Even human society is nothing but phenomena and a form of matter evolving in the same way. By the law of inexorable necessity and through the perpetual conflict of forces, matter moves toward the final synthesis of a classless society." Offering no concrete alternative to Communism, "Since this is not [the Church's] field," Pius XI nevertheless begged for Catholic "equilibrium of truth and justice" in a passage which liberal Catholics hoped was a rap at Fascism. Since the Church now appears to get along well with Fascism of the Italian variety, the rap seemed to apply to Naziism. Three days later this was amply confirmed when the Pope dispatched to Germany a circular letter so full of dynamite that copies of it had to be delivered to the Reich clergy in the dead of night by trusted Catholic motorists and motorcyclists. Secret police confiscated a few copies but on Palm Sunday priests and bishops throughout the Reich bravely mounted their pulpits, read to the faithful the Pope's blunt rejection of Nazi doctrines of "blood and soil" and his sharp protest at Nazi violations of the concordat which the Church "with grave misgivings" had ratified in 1933 (TIME, July 17, 1933).

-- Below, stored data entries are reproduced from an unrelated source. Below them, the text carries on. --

(* Let $(S,\preceq)$ be a cc sponge and let $P$ be a nonempty left-bounded subset of $S$. Then $P$ has a meet, i.e. $M(P)\neq\emptyset$.
   Context: An orientation on $S$ is a reflexive, antisymmetric binary relation $\preceq$. $P\subseteq S$ is left-bounded if some $s\in S$ has $s\preceq p$ for all $p\in P$, right-bounded if some $s$ has $p\preceq s$ for all $p\in P$. $M(P)$ is the set of $x\in S$ with $x\preceq p$ for all $p\in P$ and $y\preceq x$ for every $y\in S$ with $y\preceq p$ for all $p\in P$ (the meet); $J(P)$ (the join) is defined dually. $(S,\preceq)$ is a cc sponge if $J(P)\ne\emptyset$ for every nonempty right-bounded $P\subseteq S$. *)

Definition reflexive {S : Type} (le : S -> S -> Prop) : Prop :=
  forall x, le x x.

Definition antisymmetric {S : Type} (le : S -> S -> Prop) : Prop :=
  forall x y, le x y -> le y x -> x = y.

Definition orientation {S : Type} (le : S -> S -> Prop) : Prop :=
  reflexive le /\ antisymmetric le.

Definition nonempty {S : Type} (P : S -> Prop) : Prop := exists p, P p.

Definition left_bounded {S : Type} (le : S -> S -> Prop) (P : S -> Prop) : Prop :=
  exists s, forall p, P p -> le s p.

Definition right_bounded {S : Type} (le : S -> S -> Prop) (P : S -> Prop) : Prop :=
  exists s, forall p, P p -> le p s.

Definition meet_set {S : Type} (le : S -> S -> Prop) (P : S -> Prop) : S -> Prop :=
  fun x => (forall p, P p -> le x p) /\
           (forall y, (forall p, P p -> le y p) -> le y x).

Definition join_set {S : Type} (le : S -> S -> Prop) (P : S -> Prop) : S -> Prop :=
  fun x => (forall p, P p -> le p x) /\
           (forall y, (forall p, P p -> le p y) -> le x y).

Definition cc_sponge {S : Type} (le : S -> S -> Prop) : Prop :=
  orientation le /\
  forall P : S -> Prop, nonempty P -> right_bounded le P -> nonempty (join_set le P).


Definition lower_bounds {S : Type} (le : S -> S -> Prop) (P : S -> Prop) : S -> Prop :=
  fun y => forall p, P p -> le y p.

Lemma left_bounded_lower_bounds_nonempty {S : Type} (le : S -> S -> Prop) (P : S -> Prop) :
  left_bounded le P -> nonempty (lower_bounds le P).
Proof. intros [s Hs]; exists s; exact Hs. Qed.

Lemma lower_bounds_right_bounded {S : Type} (le : S -> S -> Prop) (P : S -> Prop) :
  nonempty P -> right_bounded le (lower_bounds le P).
Proof. intros [p Hp]; exists p; intros y Hy; exact (Hy p Hp). Qed.

Lemma join_lower_bounds_meet {S : Type} (le : S -> S -> Prop) (P : S -> Prop) (x : S) :
  join_set le (lower_bounds le P) x -> meet_set le P x.
Proof.
  intros [Hx_upper Hx_least]; split.
  - intros p Hp; apply Hx_least; intros y Hy; exact (Hy p Hp).
  - exact Hx_upper.
Qed.

Theorem mainTheorem6 (S : Type) (le : S -> S -> Prop) (P : S -> Prop) :
  cc_sponge le -> nonempty P -> left_bounded le P ->
  nonempty (meet_set le P).
Proof.
  intros [_ Hjoin] HP Hleft.
  destruct (Hjoin (lower_bounds le P)) as [x Hx].
  - exact (left_bounded_lower_bounds_nonempty le P Hleft).
  - exact (lower_bounds_right_bounded le P HP).
  - exists x; exact (join_lower_bounds_meet le P x Hx).
Qed.
(* If [g' -> 1] at [-oo] then [g y ~ y], so the blow-up [sqrt t * g (-1 / sqrt t)]
   tends to [-1]; only the upper bound is needed. *)
Lemma blowup_limit_le (h g g' : R -> R) l :
  (forall y, is_derive g y (g' y)) -> is_lim g' m_infty 1 ->
  (forall t, 0 < t -> h t = sqrt t * g (-1 / sqrt t)) ->
  (forall eps, 0 < eps -> exists delta, 0 < delta /\
     forall t, 0 < t < delta -> Rabs (h t - l) < eps) ->
  l <= -1.
Proof.
  intros Dg Lg Hh Lh.
  enough (Hlt : forall e, 0 < e -> l < -1 + 3 * e).
  { destruct (Rle_or_lt l (-1)) as [H | H]; [exact H |].
    specialize (Hlt ((l + 1) / 3)). lra. }
  intros e he.
  destruct (derive_lim_minfty_affine_bound g g' e Dg Lg he) as [M [K HK]].
  destruct (Lh e he) as [d [hd Hd]].
  pose proof (Rabs_pos M); pose proof (Rabs_pos K).
  destruct (exists_pos_lt3 (sqrt d) (1 / (Rabs M + 1)) (e / (Rabs K + 1)))
    as [s [hs [hs1 [hs2 hs3]]]]; try apply sqrt_lt_R0; try apply Rdiv_lt_0_compat; try lra.
  pose proof (Rsqr_lt_of_lt_sqrt _ _ hs hd hs1) as Ht.
  apply Rmult_lt_of_lt_div in hs2, hs3; try lra.
  assert (HyM : -1 / s < M).
  { pose proof (Rle_abs (- M)). rewrite Rabs_Ropp in *.
    apply Rmult_lt_reg_l with s; [exact hs |]. field_simplify; nra. }
  assert (Hbound : h (s * s) <= s * K - (1 - e)).
  { rewrite (Hh _ (proj1 Ht)), sqrt_square by lra.
    apply Rle_trans with (s * (K + (1 - e) * (-1 / s))); [apply Rmult_le_compat_l; [lra | auto] |].
    right. field. lra. }
  specialize (Hd _ Ht). apply Rabs_def2 in Hd. pose proof (Rle_abs K). nra.
Qed.
Lemma limit_frame_minfty (c : R -> R -> V3) (T Re Im : R -> V3) (A ReB ImB : V3) :
  (forall t, 0 < t -> c t (-1) = vscale (sqrt t) (c 1 (-1 / sqrt t))) ->
  vlim_right0 (fun t => c t (-1)) (vopp A) ->
  (forall y, vder (c 1) y (T y)) ->
  (forall y, orthonormal (Re y) (Im y) /\ vcross (Re y) (Im y) = T y) ->
  vlim m_infty Re ReB -> vlim m_infty Im ImB -> vdot A A = 1 ->
  orthonormal ReB ImB /\ vcross ReB ImB = A.
Proof.
  intros Hscal Hinit Hder Hframe LRe LIm hA.
  assert (HON : orthonormal ReB ImB).
  { split; [|split];
      [ apply (is_lim_of_const (fun y => vdot (Re y) (Re y)) m_infty)
      | apply (is_lim_of_const (fun y => vdot (Im y) (Im y)) m_infty)
      | apply (is_lim_of_const (fun y => vdot (Re y) (Im y)) m_infty) ];
      try (intros; apply Hframe); now apply vlim_vdot. }
  split; [exact HON |].
  set (A' := vcross ReB ImB).
  assert (hA' : vdot A' A' = 1).
  { unfold A'. destruct HON as [o1 [o2 o3]]. rewrite vdot_vcross_self, o1, o2, o3. ring. }
  assert (LTA : is_lim (fun y => vdot (T y) A') m_infty 1).
  { rewrite <- hA'. apply vlim_vdot; [| apply vlim_const].
    eapply vlim_ext; [intros y; apply Hframe |]. now apply vlim_vcross. }
  assert (Hle : vdot (vopp A) A' <= -1).
  { apply (blowup_limit_le (fun t => vdot (c t (-1)) A') (fun y => vdot (c 1 y) A')
             (fun y => vdot (T y) A')); auto.
    - intros y. now apply vder_vdot_const.
    - intros t ht. rewrite (Hscal t ht). vunfold; ring.
    - intros eps he. destruct (Hinit eps he) as [d [hd Hd]]. exists d; split; [exact hd |].
      intros t ht. specialize (Hd t ht).
      replace (vdot (c t (-1)) A' - vdot (vopp A) A') with (vdot (vsub (c t (-1)) (vopp A)) A')
        by (vunfold; ring).
      eapply Rle_lt_trans; [apply vdot_le_vnorm |].
      unfold vnorm at 2. rewrite hA', sqrt_1, Rmult_1_r. exact Hd. }
  symmetry. apply vsub_eq0, vdot_self_eq0.
  assert (E : vdot (vsub A A') (vsub A A') = vdot A A - 2 * vdot A A' + vdot A' A')
    by (vunfold; ring).
  replace (vdot (vopp A) A') with (- vdot A A') in Hle by (vunfold; ring).
  pose proof (vdot_ge0 (vsub A A')). lra.
Qed.

(** * The self-similar profile *)

Record selfsimilar_profile (Ap Am : V3) (a : R) (chi : R -> R -> V3) : Prop := {
  profile_frenet : frenet_sys (dx chi 1) (normal chi 1) (binormal chi 1) a (fun y => y / 2);
  profile_frame : forall x, oriented_frame (frenet_frame chi 1 x) 1;
  profile_vder : forall y, vder (chi 1) y (dx chi 1 y);
  profile_scaling : forall t x, 0 < t -> chi t x = vscale (sqrt t) (chi 1 (x / sqrt t));
  profile_lim0 : forall x, vlim_right0 (fun t => chi t x) (chi 0 x);
  profile_init_pos : forall x, 0 <= x -> chi 0 x = vscale x Ap;
  profile_init_neg : forall x, x <= 0 -> chi 0 x = vscale x Am;
  profile_phase : forall x, phase chi a 1 x = x * x / 4 + a ^ 2 * ln (Rabs x) }.

Lemma RInt_half_id x : RInt (fun s => s / 2) 0 x = x * x / 4.
Proof.
  assert (H : is_RInt (fun s => s / 2) 0 x
                (minus ((fun s => s * s / 4) x) ((fun s => s * s / 4) 0))).
  { apply (is_RInt_derive (V := R_CompleteNormedModule) (fun s => s * s / 4) (fun s => s / 2) 0 x).
    - intros y _. auto_derive; [exact I | field].
    - intros y _. apply (ex_derive_continuous (K := R_AbsRing) (V := R_NormedModule)).
      auto_derive. exact I. }
  apply (is_RInt_unique (V := R_CompleteNormedModule)) in H. rewrite H.
  unfold minus, plus, opp; simpl. field.
Qed.

Lemma selfsimilar_solution_profile Ap Am a chi : 0 < a ->
  selfsimilar_solution Ap Am a chi -> selfsimilar_profile Ap Am a chi.
Proof.
  intros ha [Hflow [[G HG] [Hpos [Hneg [Hlim [Hcurv Htors]]]]]].
  assert (Hc1 : forall x, curv chi 1 x = a) by (intros; rewrite Hcurv, sqrt_1 by lra; field).
  assert (Ht1 : forall x, tors chi 1 x = x / 2) by (intros; rewrite Htors by lra; field).
  split; auto.
  - now apply (flow_frenet_sys chi a).
  - now apply (flow_frame_oriented chi a).
  - intros y. exact (proj1 (flow_vder chi Hflow y)).
  - intros t x ht. rewrite (HG t x ht), (HG 1 (x / sqrt t) Rlt_0_1), sqrt_1.
    unfold Rdiv at 2. rewrite Rinv_1, Rmult_1_r, vscale1. reflexivity.
  - intros x. unfold phase. rewrite sqrt_1, ln_1, (RInt_ext _ (fun s => s / 2)), RInt_half_id.
    + ring.
    + intros; apply Ht1.
Qed.

Lemma orthonormal_rotate n b c sn : orthonormal n b -> c * c + sn * sn = 1 ->
  orthonormal (vsub (vscale c n) (vscale sn b)) (vadd (vscale sn n) (vscale c b)) /\
  vcross (vsub (vscale c n) (vscale sn b)) (vadd (vscale sn n) (vscale c b)) = vcross n b.
Proof.
  intros [hn [hb hnb]] hc.
  assert (E : forall p q p' q',
    vdot (vadd (vscale p n) (vscale q b)) (vadd (vscale p' n) (vscale q' b)) = p * p' + q * q').
  { intros. transitivity (p * p' * vdot n n + (p * q' + q * p') * vdot n b + q * q' * vdot b b).
    - vunfold; ring.
    - rewrite hn, hb, hnb. ring. }
  replace (vsub (vscale c n) (vscale sn b)) with (vadd (vscale c n) (vscale (- sn) b)) by vring.
  split; [split; [|split] |]; rewrite ?E; try lra.
  replace (vcross (vadd (vscale c n) (vscale (- sn) b)) (vadd (vscale sn n) (vscale c b)))
    with (vscale (c * c + sn * sn) (vcross n b)) by vring.
  rewrite hc. apply vscale1.
Qed.

Lemma rotated_pair_frame F P : oriented_frame F 1 ->
  orthonormal (vsub (vscale (cos P) (fN F)) (vscale (sin P) (fB F)))
              (vadd (vscale (sin P) (fN F)) (vscale (cos P) (fB F))) /\
  vcross (vsub (vscale (cos P) (fN F)) (vscale (sin P) (fB F)))
         (vadd (vscale (sin P) (fN F)) (vscale (cos P) (fB F))) = fT F.
Proof.
  intros G. destruct (oriented_frame_vdot _ _ G) as [_ [a2 [a3 [_ [_ a6]]]]].
  destruct (oriented_frame_vcross _ _ G) as [_ [c2 _]].
  rewrite <- (vscale1 (fT F)), <- c2. apply orthonormal_rotate; [now split; [|split] |].
  pose proof (sin2_cos2 P) as sc. unfold Rsqr in sc. lra.
Qed.

Lemma modframe_frame chi a x : oriented_frame (frenet_frame chi 1 x) 1 ->
  orthonormal (cre (modframe chi a 1 x)) (cim (modframe chi a 1 x)) /\
  vcross (cre (modframe chi a 1 x)) (cim (modframe chi a 1 x)) = dx chi 1 x.
Proof. apply rotated_pair_frame. Qed.

Lemma profile_Bminus Ap Am a chi Bm : selfsimilar_profile Ap Am a chi -> vdot Am Am = 1 ->
  is_Bminus chi a Bm -> orthonormal (cre Bm) (cim Bm) /\ vcross (cre Bm) (cim Bm) = Am.
Proof.
  intros P hA HB. destruct (HB 1 Rlt_0_1) as [LRe LIm].
  apply (limit_frame_minfty chi (dx chi 1) (fun y => cre (modframe chi a 1 y))
           (fun y => cim (modframe chi a 1 y))); [| | | | | | exact hA].
  - intros t ht. apply (profile_scaling _ _ _ _ P t (-1) ht).
  - replace (vopp Am) with (chi 0 (-1)) by (rewrite (profile_init_neg _ _ _ _ P) by lra; vring).
    apply (profile_lim0 _ _ _ _ P).
  - apply (profile_vder _ _ _ _ P).
  - intros y. apply modframe_frame, (profile_frame _ _ _ _ P).
  - now apply vlim_of_vlim_minfty.
  - now apply vlim_of_vlim_minfty.
Qed.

Chief current grievance of the Church is that the Reich is outlawing parochial schools, justifying this violation of the concordat by means of elections in which the Church claims that Catholic parents are intimidated. Thus last week in the 80% Catholic Saar and the neighboring Palatinate, parochial schools were declared abolished because only 268 children were registered for them, as against 13,478 for Nazi schools. This and other breaches of the 1933 treaty impelled the lope to threaten last week: "God is our witness that we have no more earnest desire than the re-establishment of real peace between State and Church in Germany. But if such peace is not to come we are prepared to defend our liberties in the name of the Almighty, whose arm has not been shortened."